Lemma ptn_gt_total {l k} : l != k -> ptn_gt l k || ptn_gt k l.
Proof.
rewrite /ptn_gt -(inj_eq pv_inj); have := etrans (size_pv l) (esym (size_pv k)).
elim: (pv k) (pv l) => [|x s IH] [|y t] //= [eq_size] neq.
case: (ltngtP x y) => //= eq_xy; apply: IH => //.
by apply: contra neq => /eqP->; rewrite eq_xy.
Qed.

Lemma ptn_gt_conj_neq {l} : ptn_gt l (ptn_conj l) -> l != ptn_conj l.
Proof. by apply: contraTneq => <-; rewrite ptn_gt_irr. Qed.

Lemma ptn_gt_conj_pair_neq {l k} : is_part k ->
  ptn_gt l (ptn_conj l) -> ptn_gt k (ptn_conj k) -> l != ptn_conj k.
Proof.
move=> k_part gt_l gt_k; apply/eqP => lk.
by rewrite lk ptn_conjK // ptn_gt_asym in gt_l.
Qed.

Lemma big_ptn_conj_split {V : nmodType} {Q : pred (ptn r)} (G : ptn r -> V) :
    (forall l, is_part l -> Q (ptn_conj l) = Q l) ->
  (\sum_(l | is_part l && Q l) G l =
   \sum_(l | [&& is_part l, Q l & ptn_gt l (ptn_conj l)]) (G l + G (ptn_conj l)) +
   \sum_(l | [&& is_part l, Q l & l == ptn_conj l]) G l)%R.
Proof.
move=> Q_conj; rewrite big_split /= -addrA.
have -> : (\sum_(l | [&& is_part l, Q l & ptn_gt l (ptn_conj l)]) G (ptn_conj l) =
           \sum_(l | [&& is_part l, Q l & ptn_gt (ptn_conj l) l]) G l)%R.
  rewrite [RHS](reindex_onto (@ptn_conj r) (@ptn_conj r)) /=; last first.
    by move=> l /andP[l_part _]; rewrite ptn_conjK.
  apply: eq_bigl => l; apply/idP/idP.
    case/and3P=> l_part Ql gt_l; have l'_part := is_part_conj l_part.
    by rewrite l'_part Q_conj ?ptn_conjK ?Ql ?gt_l ?eqxx.
  case/andP=> /and3P[l'_part Ql' gt_l] /eqP ll; rewrite ll in gt_l.
  have l_part : is_part l by rewrite -ll is_part_conj.
  by rewrite l_part -Q_conj // Ql' gt_l.
rewrite [LHS]big_mkcond [X in (X + _)%R]big_mkcond [X in (_ + (X + _))%R]big_mkcond.
rewrite [X in (_ + (_ + X))%R]big_mkcond -!big_split /=; apply: eq_bigr => l _.
case: (is_part l) (Q l) => [] [] /=; rewrite ?addr0 //.
have [<-|neq] := eqVneq l (ptn_conj l); first by rewrite ptn_gt_irr !add0r.
have /orP[gt_l | gt_l'] := ptn_gt_total neq.
  by rewrite gt_l ptn_gt_asym // !addr0.
by rewrite gt_l' ptn_gt_asym // add0r addr0.
Qed.

End Partitions.

Local Open Scope ring_scope.

Lemma capv_fixedSpace_lker (K : fieldType) (V : vectType K) (f : 'End(V))
    (U W : {vspace V}) :
  (U <= fixedSpace f)%VS -> (W <= lker f)%VS -> (U :&: W = 0)%VS.
Proof.
move=> /fixedSpacesP fixU /subvP kerW; apply/eqP; rewrite -subv0.
apply/subvP => y /memv_capP[yU yW]; rewrite memv0 -(fixU y yU) -memv_ker.
exact: kerW.
Qed.

Lemma directv_sum_fixed_lker (K : fieldType) (V : vectType K) (J : finType)
    (R : pred J) (U : J -> {vspace V}) (p : J -> 'End(V)) :
    (forall k, R k -> (U k <= fixedSpace (p k))%VS) ->
    (forall k l, R k -> R l -> l != k -> (U l <= lker (p k))%VS) ->
  directv (\sum_(l | R l) U l).
Proof.
move=> fixU kerU; apply/directv_sum_independent => u Uu sum0 k Rk.
have := congr1 (p k) sum0; rewrite linear_sum linear0 (bigD1 k) //= big1 ?addr0.
  by move/fixedSpacesP: (fixU k Rk) => -> //; exact: Uu.
move=> l /andP[Rl neq]; apply/eqP; rewrite -memv_ker.
by apply: subvP (kerU k l Rk Rl neq) _ _; exact: Uu.
Qed.

Lemma agenv_sub_fixedSpace (K : fieldType) (A : falgType K) (g : 'End(A))
    (U : {vspace A}) :
    g 1 = 1 -> (forall x y, g (x * y) = g x * g y) ->
    (U <= fixedSpace g)%VS -> (agenv U <= fixedSpace g)%VS.
Proof.
move=> g1 gM fixU; apply: agenv_sub_modl.
  by rewrite -memvE; apply/fixedSpaceP.
apply/prodvP => u v /(subvP fixU) /fixedSpaceP gu /fixedSpaceP gv.
by apply/fixedSpaceP; rewrite gM gu gv.
Qed.

Lemma mul_morph_involutive {K : fieldType} {A : falgType K} {g : 'End(A)} {s : seq A} :
    g 1 = 1 -> (forall x y, g (x * y) = g x * g y) -> agenv (span s) = fullv ->
    (forall t, t \in s -> g (g t) = t) -> involutive g.
Proof.
move=> g1 gM gen_s gK_s x.
have : (agenv (span s) <= fixedSpace (g \o g)%VF)%VS.
  apply: agenv_sub_fixedSpace; first by rewrite comp_lfunE !g1.
    by move=> u v; rewrite !comp_lfunE !gM.
  by apply/span_subvP => t s_t; apply/fixedSpaceP; rewrite comp_lfunE gK_s.
by rewrite gen_s => /fixedSpacesP/(_ x (memvf x)); rewrite comp_lfunE.
Qed.

Lemma dim_mat_block {F : fieldType} {H : falgType F} {U : {vspace H}} {d} :
  mat_block U d -> \dim U = (d * d)%N.
Proof.
by case=> f [kf <- _]; rewrite limg_dim_eq ?kf ?capv0 // dimvf dim_matrix.
Qed.

Lemma mat_block_unit {F : fieldType} {H : falgType F} {U : {vspace H}} {d} :
  mat_block U d -> exists2 e, e \in U & forall y, y \in U -> e * y = y /\ y * e = y.
Proof.
case=> f [_ <- fM]; exists (f 1%:M); first exact: memv_img (memvf _).
by move=> _ /memv_imgP[M _ ->]; rewrite -!fM mul1mx mulmx1.
Qed.

Section WedderburnBlocks.
Context {F : fieldType} {H : falgType F} {J : finType} {P : pred J}.
Context {I : J -> {vspace H}} {e : J -> H}.
Hypothesis I_sum : (\sum_(l | P l) I l)%VS = fullv.
Hypothesis I_direct : directv (\sum_(l | P l) I l).
Hypothesis I_ideal : forall {l}, P l -> forall x y, y \in I l ->
  (x * y \in I l) && (y * x \in I l).
Hypothesis e_mem : forall {l}, P l -> e l \in I l.
Hypothesis e_unit : forall {l}, P l -> forall y, y \in I l -> e l * y = y /\ y * e l = y.

Lemma block_eq0 {l k y} : P l -> P k -> l != k -> y \in I l -> y \in I k -> y = 0.
Proof.
move=> Pl Pk neq yl yk; apply/eqP; rewrite -memv0.
move/directv_sumP: I_direct => /(_ l Pl) <-.
by rewrite memv_cap yl; apply: (sumv_sup k) yk; rewrite Pk eq_sym.
Qed.

Lemma mul_block_unit {k l y} : P k -> P l -> y \in I l ->
  e k * y = (if k == l then y else 0) /\ y * e k = (if k == l then y else 0).
Proof.
move=> Pk Pl yl; have [kl|neq] := eqVneq k l; first by rewrite -kl in yl *; exact: e_unit.
have /andP[ye_k ey_k] := I_ideal Pk y _ (e_mem Pk).
have /andP[ey_l ye_l] := I_ideal Pl (e k) _ yl.
by split; apply: (block_eq0 Pk Pl neq).
Qed.

Lemma block_unit_mull l x : P l -> e l * x \in I l.
Proof. by move=> Pl; have /andP[_ ->] := I_ideal Pl x _ (e_mem Pl). Qed.

Lemma sum_block_unit_mull x : \sum_(l | P l) e l * x = x.
Proof.
have /memv_sumP[u Uu ->] : x \in (\sum_(l | P l) I l)%VS by rewrite I_sum memvf.
apply: eq_bigr => k Pk; rewrite mulr_sumr (bigD1 k) //= big1 ?addr0.
  by rewrite (mul_block_unit Pk Pk (Uu k Pk)).1 eqxx.
move=> l /andP[Pl neq].
by rewrite (mul_block_unit Pk Pl (Uu l Pl)).1 eq_sym (negbTE neq).
Qed.

Context {N : nat} (pi : 'Hom(H, 'M[F]_N)).
Hypothesis pi_mul : forall x y, pi (x * y) = pi x *m pi y.

Definition block_proj (Q : pred J) : 'End('M[F]_N) :=
  \sum_(l | P l && Q l) linfun (mulmx (pi (e l))).

Lemma block_projE {Q : pred J} {k y} : P k -> y \in (pi @: I k)%VS ->
  block_proj Q y = if Q k then y else 0.
Proof.
move=> Pk /memv_imgP[u uk ->]; rewrite sum_lfunE.
under eq_bigr => l /andP[Pl _] do
  rewrite lfunE /= -pi_mul (mul_block_unit Pl Pk uk).1 (fun_if pi) linear0.
case Qk: (Q k); last first.
  by rewrite big1 // => l /andP[_ Ql]; case: eqP => // lk; rewrite lk Qk in Ql.
by rewrite (bigD1 k) ?Pk ?Qk //= eqxx big1 ?addr0 // => l /andP[_ /negbTE->].
Qed.

Lemma block_proj_fixed (Q : pred J) k : P k -> Q k ->
  (pi @: I k <= fixedSpace (block_proj Q))%VS.
Proof. by move=> Pk Qk; apply/fixedSpacesP => y yk; rewrite (block_projE Pk yk) Qk. Qed.

Lemma block_proj_lker (Q : pred J) k : P k -> ~~ Q k ->
  (pi @: I k <= lker (block_proj Q))%VS.
Proof.
by move=> Pk Qk; apply/subvP => y yk; rewrite memv_ker (block_projE Pk yk) (negbTE Qk).
Qed.

Lemma directv_sum_block_images (R : pred J) (U : J -> {vspace 'M[F]_N}) :
    (forall l, R l -> P l /\ (U l <= pi @: I l)%VS) ->
  directv (\sum_(l | R l) U l).
Proof.
move=> RU; apply: (@directv_sum_fixed_lker _ _ _ _ _ (fun k => block_proj (pred1 k))).
  move=> k /RU[Pk sUk]; apply: subv_trans sUk _.
  exact: block_proj_fixed (pred1 k) _ Pk (eqxx k).
move=> k l _ /RU[Pl sUl] neq; apply: subv_trans sUl _.
exact: block_proj_lker (pred1 k) _ Pl neq.
Qed.

Lemma lker_block_pair a b : P a -> P b -> a != b ->
    (lker pi :&: I a = 0)%VS -> (lker pi :&: I b = 0)%VS ->
  ((I a + I b) :&: lker pi = 0)%VS.
Proof.
move=> Pa Pb neq inj_a inj_b; apply/eqP; rewrite -subv0; apply/subvP => u.
case/memv_capP => /memv_addP[ua ua_a [ub ub_b ->]]; rewrite memv_ker => /eqP pi0.
have ker0 k v : P k -> (lker pi :&: I k = 0)%VS -> v \in I k ->
    e k * (ua + ub) = v -> v = 0.
  move=> Pk inj_k vk <-; apply/eqP; rewrite -memv0 -inj_k memv_cap.
  by rewrite memv_ker pi_mul pi0 mulmx0 eqxx block_unit_mull.
have ea : e a * (ua + ub) = ua.
  rewrite mulrDr (mul_block_unit Pa Pa ua_a).1 (mul_block_unit Pa Pb ub_b).1.
  by rewrite eqxx (negbTE neq) addr0.
have eb : e b * (ua + ub) = ub.
  rewrite mulrDr (mul_block_unit Pb Pa ua_a).1 (mul_block_unit Pb Pb ub_b).1.
  by rewrite eqxx eq_sym (negbTE neq) add0r.
by rewrite (ker0 a ua Pa inj_a ua_a ea) (ker0 b ub Pb inj_b ub_b eb) addr0 memv0.
Qed.

End WedderburnBlocks.

Section GoldmanDecomposition.
Context {F : fieldType} {H : falgType F} {r m n : nat}.
Context {I : ptn r -> {vspace H}} {e : ptn r -> H} {d : ptn r -> nat}.
Hypothesis I_sum : (\sum_(l | is_part l) I l)%VS = fullv.
Hypothesis I_direct : directv (\sum_(l | is_part l) I l).
Hypothesis I_ideal : forall {l}, is_part l -> forall x y, y \in I l ->
  (x * y \in I l) && (y * x \in I l).
Hypothesis e_mem : forall {l}, is_part l -> e l \in I l.
Hypothesis e_unit : forall {l}, is_part l -> forall y, y \in I l ->
  e l * y = y /\ y * e l = y.
Hypothesis I_mat : forall {l}, is_part l -> (0 < d l)%N /\ mat_block (I l) (d l).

● Problem details
Taking the entries above, restate exactly those lines that fall between the line with "(pi @: I k)%VS ->" and the line with "have ea : e a * (ua + ub) = ua.", keeping both of those lines too.

● Answer to the problem
Lemma block_projE {Q : pred J} {k y} : P k -> y \in (pi @: I k)%VS ->
  block_proj Q y = if Q k then y else 0.
Proof.
move=> Pk /memv_imgP[u uk ->]; rewrite sum_lfunE.
under eq_bigr => l /andP[Pl _] do
  rewrite lfunE /= -pi_mul (mul_block_unit Pl Pk uk).1 (fun_if pi) linear0.
case Qk: (Q k); last first.
  by rewrite big1 // => l /andP[_ Ql]; case: eqP => // lk; rewrite lk Qk in Ql.
by rewrite (bigD1 k) ?Pk ?Qk //= eqxx big1 ?addr0 // => l /andP[_ /negbTE->].
Qed.

Lemma block_proj_fixed (Q : pred J) k : P k -> Q k ->
  (pi @: I k <= fixedSpace (block_proj Q))%VS.
Proof. by move=> Pk Qk; apply/fixedSpacesP => y yk; rewrite (block_projE Pk yk) Qk. Qed.

Lemma block_proj_lker (Q : pred J) k : P k -> ~~ Q k ->
  (pi @: I k <= lker (block_proj Q))%VS.
Proof.
by move=> Pk Qk; apply/subvP => y yk; rewrite memv_ker (block_projE Pk yk) (negbTE Qk).
Qed.

Lemma directv_sum_block_images (R : pred J) (U : J -> {vspace 'M[F]_N}) :
    (forall l, R l -> P l /\ (U l <= pi @: I l)%VS) ->
  directv (\sum_(l | R l) U l).
Proof.
move=> RU; apply: (@directv_sum_fixed_lker _ _ _ _ _ (fun k => block_proj (pred1 k))).
  move=> k /RU[Pk sUk]; apply: subv_trans sUk _.
  exact: block_proj_fixed (pred1 k) _ Pk (eqxx k).
move=> k l _ /RU[Pl sUl] neq; apply: subv_trans sUl _.
exact: block_proj_lker (pred1 k) _ Pl neq.
Qed.

Lemma lker_block_pair a b : P a -> P b -> a != b ->
    (lker pi :&: I a = 0)%VS -> (lker pi :&: I b = 0)%VS ->
  ((I a + I b) :&: lker pi = 0)%VS.
Proof.
move=> Pa Pb neq inj_a inj_b; apply/eqP; rewrite -subv0; apply/subvP => u.
case/memv_capP => /memv_addP[ua ua_a [ub ub_b ->]]; rewrite memv_ker => /eqP pi0.
have ker0 k v : P k -> (lker pi :&: I k = 0)%VS -> v \in I k ->
    e k * (ua + ub) = v -> v = 0.
  move=> Pk inj_k vk <-; apply/eqP; rewrite -memv0 -inj_k memv_cap.
  by rewrite memv_ker pi_mul pi0 mulmx0 eqxx block_unit_mull.
have ea : e a * (ua + ub) = ua.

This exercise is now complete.